Thread: BTREE index: field ordering

BTREE index: field ordering

From
Moreno Andreo
Date:
Hi,
Postgres 16.4 (planning to go on 17.4)
I'm creating some indexes based on some slow query reported by logs.
These queries involve a WHERE with more than 5 fields, that are matching by =, <>, LIKE and IN()
I read that equality fields must be first, then the others.
Is it correct?

Based on this query

SELECT COUNT(id) AS total
                FROM nx.tbl1
                WHERE
            (date_order >= '2025-03-21')
            AND (date_order <= '2025-03-29')
            AND (flag = TRUE)
            AND ((
              -- (flag = TRUE)
              -- AND (((tipo <> 'C') AND (tipo <> 'V') AND (tipo <> 'F')) OR (tipo IS NULL) OR (tipo = ''))
              (((op <> 'C') OR (op IS NULL)) OR (tipo = 'F'))
              AND (s_state IN ('ENQ','WFR','BLQ','BLR','WFA','FRW','FRO','0000','0001'))
              AND (tiporic IS NOT NULL)
              AND (tiporic NOT LIKE '%cart%')
            ) OR (
              (tiporic LIKE '%cart%') AND (S_state <> 'CON') AND (s_state <> '0002') AND ((op <> 'C') OR (op IS NULL))
            ))  AND (priv IS NULL OR priv = false OR (priv = true and idpriv = 'TEST')));

Should the following index be correct?

CREATE INDEX IF NOT EXISTS tbl1_count_idx on nx.tbl1 USING BTREE(flag, tipo, op, priv, idpriv, date_order, s_state, tiporic);

Would it be better to create a separate GIN/GIST index for the field matched with LIKE?

Thanks in advance,
Moreno

Re: BTREE index: field ordering

From
Laurenz Albe
Date:
On Fri, 2025-03-28 at 13:38 +0100, Moreno Andreo wrote:
>  Postgres 16.4 (planning to go on 17.4)
>  I'm creating some indexes based on some slow query reported by logs.
>  These queries involve a WHERE with more than 5 fields, that are matching by =, <>, LIKE and IN()
>  I read that equality fields must be first, then the others.
>  Is it correct?

Fundamentally yes, but you also have to consider how selective the conditions are.
Putting a column in the index where the condition will only filter out few rows
is not going to help; such rows should be omitted from the index.

> Based on this query
>                  SELECT COUNT(id) AS total 
>                  FROM nx.tbl1
>                  WHERE
>              (date_order >= '2025-03-21')
>              AND (date_order <= '2025-03-29')
>              AND (flag = TRUE)
>              AND ((
>                -- (flag = TRUE)
>                -- AND (((tipo <> 'C') AND (tipo <> 'V') AND (tipo <> 'F')) OR (tipo IS NULL) OR (tipo = ''))
>                (((op <> 'C') OR (op IS NULL)) OR (tipo = 'F'))
>                AND (s_state IN ('ENQ','WFR','BLQ','BLR','WFA','FRW','FRO','0000','0001'))
>                AND (tiporic IS NOT NULL)
>                AND (tiporic NOT LIKE '%cart%')
>              ) OR (
>                (tiporic LIKE '%cart%') AND (S_state <> 'CON') AND (s_state <> '0002') AND ((op <> 'C') OR (op IS
NULL)) 
>              ))  AND (priv IS NULL OR priv = false OR (priv = true and idpriv = 'TEST')));
>
>  Should the following index be correct?
>
>  CREATE INDEX IF NOT EXISTS tbl1_count_idx on nx.tbl1 USING BTREE(flag, tipo, op, priv, idpriv, date_order, s_state,
tiporic); 
>  
>  Would it be better to create a separate GIN/GIST index for the field matched with LIKE?

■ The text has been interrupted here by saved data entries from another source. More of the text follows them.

(* Let $n\ge 2$ and let $X\subseteq\mathbb{Z}_{2n}^2$ with $|X|=4n+1$. Suppose there is $a\in\mathbb{Z}_{2n}$ such that exactly $2n-1$ elements of $X$ have first coordinate $a$. Then there exists $S\subseteq X$ with $|S|=2n$ and $\sum_{s\in S}s=(0,0)$. *)

From mathcomp Require Import all_boot all_algebra.
Set Implicit Arguments. Unset Strict Implicit. Unset Printing Implicit Defensive.

From mathcomp Require Import all_boot all_algebra zify.
From Stdlib Require Import Classical.
Set Implicit Arguments. Unset Strict Implicit. Unset Printing Implicit Defensive.
Import GRing.Theory.
Local Open Scope ring_scope.

(* Let Z = Z_2n.  The 2n - 1 points of X with first coordinate a are the
   (a, y) with y != c for a single missing value c.  Since 2n * (a, c) = 0,
   translating by (a, c) does not change the problem, and afterwards X
   contains every (0, d) with d != 0 together with a set B of 2n + 2 points
   of nonzero first coordinate.  It then suffices to find T in B whose first
   coordinates sum to 0 and whose second coordinates sum to s, such that -s
   is a sum of 2n - |T| distinct nonzero elements of Z ("T is completable").

   Call two points opposite if their first coordinates
   sum to 0.  An opposite pair whose second coordinates do not sum to n, or
   two disjoint opposite pairs, is completable.  Otherwise some 2n points of
   B contain no opposite pair; among them either some 3 to 2n - 2 points have
   first coordinates summing to 0, or 2n - 1 of them share a first
   coordinate g generating Z, and one further point of B completes them. *)

Lemma subset_of_card (T : finType) (A : {set T}) (k : nat) :
  (k <= #|A|)%N -> exists2 B : {set T}, B \subset A & #|B| = k.
Proof.
elim: k => [|k IHk] lekA; first by exists set0; rewrite ?sub0set ?cards0.
have [B sBA cardB] := IHk (ltnW lekA).
have /card_gt0P [x] : (0 < #|A :\: B|)%N by rewrite cardsDS // cardB subn_gt0.
rewrite inE => /andP [xNB xA].
exists (x |: B); first by rewrite subUset sub1set xA sBA.
by rewrite cardsU1 xNB cardB.
Qed.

The ORs will be a problem. Get rid of them as much as possible by using UNION,
at least for WHERE conditions that are selective.

Yours,
Laurenz Albe

Re: BTREE index: field ordering

From
Ron Johnson
Date:
On Fri, Mar 28, 2025 at 9:35 AM Laurenz Albe <laurenz.albe@cybertec.at> wrote:
On Fri, 2025-03-28 at 13:38 +0100, Moreno Andreo wrote:
>  Postgres 16.4 (planning to go on 17.4)
>  I'm creating some indexes based on some slow query reported by logs.
>  These queries involve a WHERE with more than 5 fields, that are matching by =, <>, LIKE and IN()
>  I read that equality fields must be first, then the others.
>  Is it correct?

Fundamentally yes, but you also have to consider how selective the conditions are.
Putting a column in the index where the condition will only filter out few rows
is not going to help; such rows should be omitted from the index.

> Based on this query
>                  SELECT COUNT(id) AS total 
>                  FROM nx.tbl1
>                  WHERE
>              (date_order >= '2025-03-21')
>              AND (date_order <= '2025-03-29')
>              AND (flag = TRUE)
>              AND ((
>                -- (flag = TRUE)
>                -- AND (((tipo <> 'C') AND (tipo <> 'V') AND (tipo <> 'F')) OR (tipo IS NULL) OR (tipo = ''))
>                (((op <> 'C') OR (op IS NULL)) OR (tipo = 'F'))
>                AND (s_state IN ('ENQ','WFR','BLQ','BLR','WFA','FRW','FRO','0000','0001'))
>                AND (tiporic IS NOT NULL)
>                AND (tiporic NOT LIKE '%cart%')
>              ) OR (
>                (tiporic LIKE '%cart%') AND (S_state <> 'CON') AND (s_state <> '0002') AND ((op <> 'C') OR (op IS NULL))
>              ))  AND (priv IS NULL OR priv = false OR (priv = true and idpriv = 'TEST')));
>
>  Should the following index be correct?
>
>  CREATE INDEX IF NOT EXISTS tbl1_count_idx on nx.tbl1 USING BTREE(flag, tipo, op, priv, idpriv, date_order, s_state, tiporic);
>  
>  Would it be better to create a separate GIN/GIST index for the field matched with LIKE?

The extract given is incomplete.